> _DATA SUPPLIED_:
Theorem lemma1 (n sigma t : nat) (e : rel 'I_n)
  (He : simple_graph e) (Hconn : connected_graph e)
  (Hsigma : 1 <= sigma) (Hsn : sigma <= n)
  (Hord : forall i j : 'I_n, sigma <= i -> i <= j -> deg e j <= deg e i) :
  exists (Vs : nat -> {set 'I_n}) (pi : 'I_n -> 'I_n),
    [/\ admissible sigma t e Vs pi,
        layered t Vs &
        forall (Ws : nat -> {set 'I_n}) (rho : 'I_n -> 'I_n),
          admissible sigma t e Ws rho -> #|Ws t| <= #|Vs t| ].
Proof.
have [V0 [pi0 adm0]] := exists_admissible He Hconn Hsigma Hsn t.
have [[Vm pim] /= adm_m max_m] := ex_admissible_card_max adm0.
pose optimal (x : (nat -> {set 'I_n}) * ('I_n -> 'I_n)) :=
  admissible sigma t e x.1 x.2 /\ #|x.1 t| = #|Vm t|.
have [[Vs pi] [/= adm card_Vs] min_pot] :=
  ex_argmin (fun x => pot t x.1) (ex_intro optimal (Vm, pim) (conj adm_m erefl)).
exists Vs, pi; split => //; last by move=> Ws rho /max_m; rewrite card_Vs.
move=> k kt i j i_new j_old; rewrite ltnNge; apply/negP => le_ij.
have lt_ij : i < j.
  rewrite ltn_neqAle le_ij andbT.
  by apply: contraTneq i_new => /val_inj ->; rewrite inE j_old.
have deg_ji : deg e j <= deg e i.
  apply: (Hord i j _ le_ij).
  by have := admissible_new_notin_sources adm kt i_new; rewrite inE -leqNgt.
have [p adm_sw] := swapped_admissible adm kt i_new j_old lt_ij deg_ji.
have card_sw : #|swapped Vs i j t| = #|Vm t| by rewrite card_swapped.
have := min_pot (swapped Vs i j, p) (conj adm_sw card_sw).
by rewrite leqNgt (pot_swapped adm kt i_new j_old lt_ij deg_ji).
Qed.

> _YOUR OBJECTIVE_: All lines from the one containing "have := min_pot" through the last line of the data, both included, are to be retyped exactly, and no other line belongs in the answer.

> _OUTPUT_:
have := min_pot (swapped Vs i j, p) (conj adm_sw card_sw).
by rewrite leqNgt (pot_swapped adm kt i_new j_old lt_ij deg_ji).
Qed.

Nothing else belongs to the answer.